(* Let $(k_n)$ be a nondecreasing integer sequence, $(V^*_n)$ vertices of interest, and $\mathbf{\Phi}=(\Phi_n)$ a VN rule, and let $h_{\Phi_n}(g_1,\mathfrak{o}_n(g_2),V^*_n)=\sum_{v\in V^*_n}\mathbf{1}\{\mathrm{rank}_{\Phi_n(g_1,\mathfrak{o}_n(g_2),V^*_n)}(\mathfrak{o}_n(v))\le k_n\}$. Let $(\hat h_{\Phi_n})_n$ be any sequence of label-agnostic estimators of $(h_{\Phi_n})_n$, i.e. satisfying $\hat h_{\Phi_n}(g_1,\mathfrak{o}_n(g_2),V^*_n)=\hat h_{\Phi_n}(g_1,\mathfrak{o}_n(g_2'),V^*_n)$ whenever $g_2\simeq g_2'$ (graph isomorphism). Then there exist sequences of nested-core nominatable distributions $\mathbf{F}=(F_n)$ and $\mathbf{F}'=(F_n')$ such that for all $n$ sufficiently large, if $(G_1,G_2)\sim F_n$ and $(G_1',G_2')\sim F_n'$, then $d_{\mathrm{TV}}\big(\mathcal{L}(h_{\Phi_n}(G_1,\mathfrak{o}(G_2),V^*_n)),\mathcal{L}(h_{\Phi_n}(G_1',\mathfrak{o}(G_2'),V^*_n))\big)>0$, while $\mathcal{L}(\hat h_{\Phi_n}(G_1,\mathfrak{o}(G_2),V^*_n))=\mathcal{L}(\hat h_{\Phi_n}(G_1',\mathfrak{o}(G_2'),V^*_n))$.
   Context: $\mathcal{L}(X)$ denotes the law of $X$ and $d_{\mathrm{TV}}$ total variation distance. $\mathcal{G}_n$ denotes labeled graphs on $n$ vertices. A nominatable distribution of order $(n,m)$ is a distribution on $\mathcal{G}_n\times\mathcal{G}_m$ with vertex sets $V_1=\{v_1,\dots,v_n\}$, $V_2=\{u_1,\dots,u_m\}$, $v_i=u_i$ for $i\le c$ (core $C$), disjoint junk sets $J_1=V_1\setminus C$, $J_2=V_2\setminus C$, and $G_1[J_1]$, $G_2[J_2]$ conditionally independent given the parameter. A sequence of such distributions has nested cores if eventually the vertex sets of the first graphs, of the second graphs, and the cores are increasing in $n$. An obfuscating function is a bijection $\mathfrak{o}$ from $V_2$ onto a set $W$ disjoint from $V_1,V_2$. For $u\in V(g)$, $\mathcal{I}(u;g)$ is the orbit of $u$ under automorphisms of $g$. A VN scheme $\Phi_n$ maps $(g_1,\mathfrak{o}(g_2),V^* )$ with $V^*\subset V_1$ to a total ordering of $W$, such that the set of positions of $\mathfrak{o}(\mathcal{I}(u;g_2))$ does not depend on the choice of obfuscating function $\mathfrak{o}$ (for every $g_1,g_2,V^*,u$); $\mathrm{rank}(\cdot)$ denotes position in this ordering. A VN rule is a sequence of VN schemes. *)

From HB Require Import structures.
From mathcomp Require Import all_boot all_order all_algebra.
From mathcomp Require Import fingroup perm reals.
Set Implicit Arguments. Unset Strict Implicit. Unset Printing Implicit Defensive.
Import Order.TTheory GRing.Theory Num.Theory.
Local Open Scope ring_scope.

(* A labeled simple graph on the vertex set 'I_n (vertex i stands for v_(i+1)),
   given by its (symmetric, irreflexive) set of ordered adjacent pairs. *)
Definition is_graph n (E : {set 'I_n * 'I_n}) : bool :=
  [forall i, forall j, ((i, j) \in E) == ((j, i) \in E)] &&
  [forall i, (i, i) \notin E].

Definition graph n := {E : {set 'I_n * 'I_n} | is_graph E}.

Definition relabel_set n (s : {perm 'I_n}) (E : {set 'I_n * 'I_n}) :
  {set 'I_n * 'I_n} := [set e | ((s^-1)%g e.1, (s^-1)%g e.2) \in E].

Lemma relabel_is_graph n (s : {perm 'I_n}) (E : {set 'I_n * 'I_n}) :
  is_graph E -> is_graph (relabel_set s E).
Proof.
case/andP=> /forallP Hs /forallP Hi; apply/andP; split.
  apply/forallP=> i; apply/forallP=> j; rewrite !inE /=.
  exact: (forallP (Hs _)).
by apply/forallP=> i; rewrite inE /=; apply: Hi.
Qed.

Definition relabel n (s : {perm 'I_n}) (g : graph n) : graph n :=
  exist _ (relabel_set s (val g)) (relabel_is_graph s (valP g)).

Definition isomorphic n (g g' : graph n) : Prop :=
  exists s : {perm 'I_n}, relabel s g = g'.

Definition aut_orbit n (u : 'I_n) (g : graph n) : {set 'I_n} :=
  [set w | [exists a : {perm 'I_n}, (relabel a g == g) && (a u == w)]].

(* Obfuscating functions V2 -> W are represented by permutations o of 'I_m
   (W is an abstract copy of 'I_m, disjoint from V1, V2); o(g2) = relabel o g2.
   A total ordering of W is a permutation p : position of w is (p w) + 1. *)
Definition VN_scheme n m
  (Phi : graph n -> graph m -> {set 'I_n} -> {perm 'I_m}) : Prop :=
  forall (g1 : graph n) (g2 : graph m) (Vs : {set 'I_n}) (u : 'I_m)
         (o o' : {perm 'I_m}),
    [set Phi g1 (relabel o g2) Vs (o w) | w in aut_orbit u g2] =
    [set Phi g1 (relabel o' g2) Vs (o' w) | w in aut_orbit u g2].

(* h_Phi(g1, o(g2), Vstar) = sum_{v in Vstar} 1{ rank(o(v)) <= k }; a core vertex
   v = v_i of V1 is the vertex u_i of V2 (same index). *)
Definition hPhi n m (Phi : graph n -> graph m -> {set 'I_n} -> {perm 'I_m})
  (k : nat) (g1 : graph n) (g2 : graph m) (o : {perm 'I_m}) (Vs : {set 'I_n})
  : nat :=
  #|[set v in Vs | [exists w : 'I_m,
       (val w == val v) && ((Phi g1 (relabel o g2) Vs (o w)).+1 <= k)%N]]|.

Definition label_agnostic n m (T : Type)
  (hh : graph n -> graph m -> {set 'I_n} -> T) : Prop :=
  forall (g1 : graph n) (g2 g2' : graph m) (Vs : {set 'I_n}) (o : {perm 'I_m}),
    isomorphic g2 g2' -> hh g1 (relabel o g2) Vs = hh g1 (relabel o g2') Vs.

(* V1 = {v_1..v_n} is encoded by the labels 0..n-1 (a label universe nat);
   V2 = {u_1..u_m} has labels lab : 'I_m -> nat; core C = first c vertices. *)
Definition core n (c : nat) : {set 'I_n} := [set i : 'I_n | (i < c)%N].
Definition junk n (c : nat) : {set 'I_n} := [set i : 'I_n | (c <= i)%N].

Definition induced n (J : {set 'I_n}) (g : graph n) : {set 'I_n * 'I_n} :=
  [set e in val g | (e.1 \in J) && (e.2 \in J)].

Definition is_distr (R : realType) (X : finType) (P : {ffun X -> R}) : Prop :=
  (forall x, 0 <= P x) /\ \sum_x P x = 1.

What to do: Exactly reproduce all of the entries above.

Written solution:
(* Let $(k_n)$ be a nondecreasing integer sequence, $(V^*_n)$ vertices of interest, and $\mathbf{\Phi}=(\Phi_n)$ a VN rule, and let $h_{\Phi_n}(g_1,\mathfrak{o}_n(g_2),V^*_n)=\sum_{v\in V^*_n}\mathbf{1}\{\mathrm{rank}_{\Phi_n(g_1,\mathfrak{o}_n(g_2),V^*_n)}(\mathfrak{o}_n(v))\le k_n\}$. Let $(\hat h_{\Phi_n})_n$ be any sequence of label-agnostic estimators of $(h_{\Phi_n})_n$, i.e. satisfying $\hat h_{\Phi_n}(g_1,\mathfrak{o}_n(g_2),V^*_n)=\hat h_{\Phi_n}(g_1,\mathfrak{o}_n(g_2'),V^*_n)$ whenever $g_2\simeq g_2'$ (graph isomorphism). Then there exist sequences of nested-core nominatable distributions $\mathbf{F}=(F_n)$ and $\mathbf{F}'=(F_n')$ such that for all $n$ sufficiently large, if $(G_1,G_2)\sim F_n$ and $(G_1',G_2')\sim F_n'$, then $d_{\mathrm{TV}}\big(\mathcal{L}(h_{\Phi_n}(G_1,\mathfrak{o}(G_2),V^*_n)),\mathcal{L}(h_{\Phi_n}(G_1',\mathfrak{o}(G_2'),V^*_n))\big)>0$, while $\mathcal{L}(\hat h_{\Phi_n}(G_1,\mathfrak{o}(G_2),V^*_n))=\mathcal{L}(\hat h_{\Phi_n}(G_1',\mathfrak{o}(G_2'),V^*_n))$.
   Context: $\mathcal{L}(X)$ denotes the law of $X$ and $d_{\mathrm{TV}}$ total variation distance. $\mathcal{G}_n$ denotes labeled graphs on $n$ vertices. A nominatable distribution of order $(n,m)$ is a distribution on $\mathcal{G}_n\times\mathcal{G}_m$ with vertex sets $V_1=\{v_1,\dots,v_n\}$, $V_2=\{u_1,\dots,u_m\}$, $v_i=u_i$ for $i\le c$ (core $C$), disjoint junk sets $J_1=V_1\setminus C$, $J_2=V_2\setminus C$, and $G_1[J_1]$, $G_2[J_2]$ conditionally independent given the parameter. A sequence of such distributions has nested cores if eventually the vertex sets of the first graphs, of the second graphs, and the cores are increasing in $n$. An obfuscating function is a bijection $\mathfrak{o}$ from $V_2$ onto a set $W$ disjoint from $V_1,V_2$. For $u\in V(g)$, $\mathcal{I}(u;g)$ is the orbit of $u$ under automorphisms of $g$. A VN scheme $\Phi_n$ maps $(g_1,\mathfrak{o}(g_2),V^* )$ with $V^*\subset V_1$ to a total ordering of $W$, such that the set of positions of $\mathfrak{o}(\mathcal{I}(u;g_2))$ does not depend on the choice of obfuscating function $\mathfrak{o}$ (for every $g_1,g_2,V^*,u$); $\mathrm{rank}(\cdot)$ denotes position in this ordering. A VN rule is a sequence of VN schemes. *)

From HB Require Import structures.
From mathcomp Require Import all_boot all_order all_algebra.
From mathcomp Require Import fingroup perm reals.
Set Implicit Arguments. Unset Strict Implicit. Unset Printing Implicit Defensive.
Import Order.TTheory GRing.Theory Num.Theory.
Local Open Scope ring_scope.

(* A labeled simple graph on the vertex set 'I_n (vertex i stands for v_(i+1)),
   given by its (symmetric, irreflexive) set of ordered adjacent pairs. *)
Definition is_graph n (E : {set 'I_n * 'I_n}) : bool :=
  [forall i, forall j, ((i, j) \in E) == ((j, i) \in E)] &&
  [forall i, (i, i) \notin E].

Definition graph n := {E : {set 'I_n * 'I_n} | is_graph E}.

Definition relabel_set n (s : {perm 'I_n}) (E : {set 'I_n * 'I_n}) :
  {set 'I_n * 'I_n} := [set e | ((s^-1)%g e.1, (s^-1)%g e.2) \in E].

Lemma relabel_is_graph n (s : {perm 'I_n}) (E : {set 'I_n * 'I_n}) :
  is_graph E -> is_graph (relabel_set s E).
Proof.
case/andP=> /forallP Hs /forallP Hi; apply/andP; split.
  apply/forallP=> i; apply/forallP=> j; rewrite !inE /=.
  exact: (forallP (Hs _)).
by apply/forallP=> i; rewrite inE /=; apply: Hi.
Qed.

Definition relabel n (s : {perm 'I_n}) (g : graph n) : graph n :=
  exist _ (relabel_set s (val g)) (relabel_is_graph s (valP g)).

Definition isomorphic n (g g' : graph n) : Prop :=
  exists s : {perm 'I_n}, relabel s g = g'.

Definition aut_orbit n (u : 'I_n) (g : graph n) : {set 'I_n} :=
  [set w | [exists a : {perm 'I_n}, (relabel a g == g) && (a u == w)]].

(* Obfuscating functions V2 -> W are represented by permutations o of 'I_m
   (W is an abstract copy of 'I_m, disjoint from V1, V2); o(g2) = relabel o g2.
   A total ordering of W is a permutation p : position of w is (p w) + 1. *)
Definition VN_scheme n m
  (Phi : graph n -> graph m -> {set 'I_n} -> {perm 'I_m}) : Prop :=
  forall (g1 : graph n) (g2 : graph m) (Vs : {set 'I_n}) (u : 'I_m)
         (o o' : {perm 'I_m}),
    [set Phi g1 (relabel o g2) Vs (o w) | w in aut_orbit u g2] =
    [set Phi g1 (relabel o' g2) Vs (o' w) | w in aut_orbit u g2].

(* h_Phi(g1, o(g2), Vstar) = sum_{v in Vstar} 1{ rank(o(v)) <= k }; a core vertex
   v = v_i of V1 is the vertex u_i of V2 (same index). *)
Definition hPhi n m (Phi : graph n -> graph m -> {set 'I_n} -> {perm 'I_m})
  (k : nat) (g1 : graph n) (g2 : graph m) (o : {perm 'I_m}) (Vs : {set 'I_n})
  : nat :=
  #|[set v in Vs | [exists w : 'I_m,
       (val w == val v) && ((Phi g1 (relabel o g2) Vs (o w)).+1 <= k)%N]]|.

Definition label_agnostic n m (T : Type)
  (hh : graph n -> graph m -> {set 'I_n} -> T) : Prop :=
  forall (g1 : graph n) (g2 g2' : graph m) (Vs : {set 'I_n}) (o : {perm 'I_m}),
    isomorphic g2 g2' -> hh g1 (relabel o g2) Vs = hh g1 (relabel o g2') Vs.

(* V1 = {v_1..v_n} is encoded by the labels 0..n-1 (a label universe nat);
   V2 = {u_1..u_m} has labels lab : 'I_m -> nat; core C = first c vertices. *)
Definition core n (c : nat) : {set 'I_n} := [set i : 'I_n | (i < c)%N].
Definition junk n (c : nat) : {set 'I_n} := [set i : 'I_n | (c <= i)%N].

Definition induced n (J : {set 'I_n}) (g : graph n) : {set 'I_n * 'I_n} :=
  [set e in val g | (e.1 \in J) && (e.2 \in J)].

Definition is_distr (R : realType) (X : finType) (P : {ffun X -> R}) : Prop :=
  (forall x, 0 <= P x) /\ \sum_x P x = 1.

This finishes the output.